> _THE INPUT_:

(* There exist uncountably many W-subshifts $X \subset \{0,1\}^{\mathbb Z}$ which are neither sofic nor strongly irreducible.
   Context: A subshift of $A^{\mathbb Z}$ is a closed shift-invariant subset, with shift $(gx)(h)=x(h-g)$. $X$ is of finite type if there are finite $\Omega\subset\mathbb Z$ and $\mathcal P\subset A^\Omega$ with $X=\{x:(gx)|_\Omega\in\mathcal P\ \forall g\}$; $X$ is sofic if it is the image of a subshift of finite type $Y\subset B^{\mathbb Z}$ ($B$ finite) under a surjective continuous shift-equivariant map. $X$ is strongly irreducible if there is finite $\Delta\subset\mathbb Z$ such that for all finite $\Omega_1,\Omega_2$ with $(\Omega_1-\Delta)\cap\Omega_2=\varnothing$ and all $x_1,x_2\in X$ there is $x\in X$ agreeing with $x_1$ on $\Omega_1$ and with $x_2$ on $\Omega_2$. $L(X)$ is the set of finite words (including the empty word) appearing as $x(i)\cdots x(j)$ in some $x\in X$. $X$ is a W-subshift if there is an integer $n_0\ge0$ such that for all $u,v\in L(X)$ there is $c\in L(X)$ with $|c|\le n_0$ and $ucv\in L(X)$. *)

From Stdlib Require Import ZArith List.
Import ListNotations.
Open Scope Z_scope.

Definition shift {A : Type} (g : Z) (x : Z -> A) : Z -> A := fun h => x (h - g).

(* Closed in the product topology (A finite, discrete): a configuration all of whose
   central windows [-n,n] are seen in elements of X belongs to X. *)
Definition closed_set {A : Type} (X : (Z -> A) -> Prop) : Prop :=
  forall x : Z -> A,
    (forall n : nat, exists y, X y /\
        forall i, - Z.of_nat n <= i <= Z.of_nat n -> y i = x i) ->
    X x.

Definition shift_invariant {A : Type} (X : (Z -> A) -> Prop) : Prop :=
  forall (g : Z) (x : Z -> A), X x -> X (shift g x).

Definition subshift {A : Type} (X : (Z -> A) -> Prop) : Prop :=
  closed_set X /\ shift_invariant X.

Definition finite_type (B : Type) : Prop := exists l : list B, forall b, In b l.

(* Finite type: finite Omega (a list) and P a set of patterns on Omega
   (a pattern on Omega = list of values indexed along Omega). *)
Definition finite_type_subshift {B : Type} (Y : (Z -> B) -> Prop) : Prop :=
  exists (Om : list Z) (P : list B -> Prop),
    forall y : Z -> B, Y y <-> (forall g : Z, P (map (shift g y) Om)).

Definition sofic {A : Type} (X : (Z -> A) -> Prop) : Prop :=
  exists (B : Type) (Y : (Z -> B) -> Prop) (phi : (Z -> B) -> (Z -> A)),
    finite_type B /\
    finite_type_subshift Y /\
    (forall x, X x <-> exists y, Y y /\ forall i, phi y i = x i) /\
    (forall (g : Z) y, Y y -> forall i, phi (shift g y) i = shift g (phi y) i) /\
    (forall y, Y y -> forall n : nat, exists m : nat, forall y', Y y' ->
        (forall i, - Z.of_nat m <= i <= Z.of_nat m -> y' i = y i) ->
        forall i, - Z.of_nat n <= i <= Z.of_nat n -> phi y' i = phi y i).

> _WHAT NEEDS TO BE DONE_:
In this exercise, every line of the listing is to be output exactly.

> _ANSWER TO THIS EXERCISE_:
(* There exist uncountably many W-subshifts $X \subset \{0,1\}^{\mathbb Z}$ which are neither sofic nor strongly irreducible.
   Context: A subshift of $A^{\mathbb Z}$ is a closed shift-invariant subset, with shift $(gx)(h)=x(h-g)$. $X$ is of finite type if there are finite $\Omega\subset\mathbb Z$ and $\mathcal P\subset A^\Omega$ with $X=\{x:(gx)|_\Omega\in\mathcal P\ \forall g\}$; $X$ is sofic if it is the image of a subshift of finite type $Y\subset B^{\mathbb Z}$ ($B$ finite) under a surjective continuous shift-equivariant map. $X$ is strongly irreducible if there is finite $\Delta\subset\mathbb Z$ such that for all finite $\Omega_1,\Omega_2$ with $(\Omega_1-\Delta)\cap\Omega_2=\varnothing$ and all $x_1,x_2\in X$ there is $x\in X$ agreeing with $x_1$ on $\Omega_1$ and with $x_2$ on $\Omega_2$. $L(X)$ is the set of finite words (including the empty word) appearing as $x(i)\cdots x(j)$ in some $x\in X$. $X$ is a W-subshift if there is an integer $n_0\ge0$ such that for all $u,v\in L(X)$ there is $c\in L(X)$ with $|c|\le n_0$ and $ucv\in L(X)$. *)

From Stdlib Require Import ZArith List.
Import ListNotations.
Open Scope Z_scope.

Definition shift {A : Type} (g : Z) (x : Z -> A) : Z -> A := fun h => x (h - g).

(* Closed in the product topology (A finite, discrete): a configuration all of whose
   central windows [-n,n] are seen in elements of X belongs to X. *)
Definition closed_set {A : Type} (X : (Z -> A) -> Prop) : Prop :=
  forall x : Z -> A,
    (forall n : nat, exists y, X y /\
        forall i, - Z.of_nat n <= i <= Z.of_nat n -> y i = x i) ->
    X x.

Definition shift_invariant {A : Type} (X : (Z -> A) -> Prop) : Prop :=
  forall (g : Z) (x : Z -> A), X x -> X (shift g x).

Definition subshift {A : Type} (X : (Z -> A) -> Prop) : Prop :=
  closed_set X /\ shift_invariant X.

Definition finite_type (B : Type) : Prop := exists l : list B, forall b, In b l.

(* Finite type: finite Omega (a list) and P a set of patterns on Omega
   (a pattern on Omega = list of values indexed along Omega). *)
Definition finite_type_subshift {B : Type} (Y : (Z -> B) -> Prop) : Prop :=
  exists (Om : list Z) (P : list B -> Prop),
    forall y : Z -> B, Y y <-> (forall g : Z, P (map (shift g y) Om)).

Definition sofic {A : Type} (X : (Z -> A) -> Prop) : Prop :=
  exists (B : Type) (Y : (Z -> B) -> Prop) (phi : (Z -> B) -> (Z -> A)),
    finite_type B /\
    finite_type_subshift Y /\
    (forall x, X x <-> exists y, Y y /\ forall i, phi y i = x i) /\
    (forall (g : Z) y, Y y -> forall i, phi (shift g y) i = shift g (phi y) i) /\
    (forall y, Y y -> forall n : nat, exists m : nat, forall y', Y y' ->
        (forall i, - Z.of_nat m <= i <= Z.of_nat m -> y' i = y i) ->
        forall i, - Z.of_nat n <= i <= Z.of_nat n -> phi y' i = phi y i).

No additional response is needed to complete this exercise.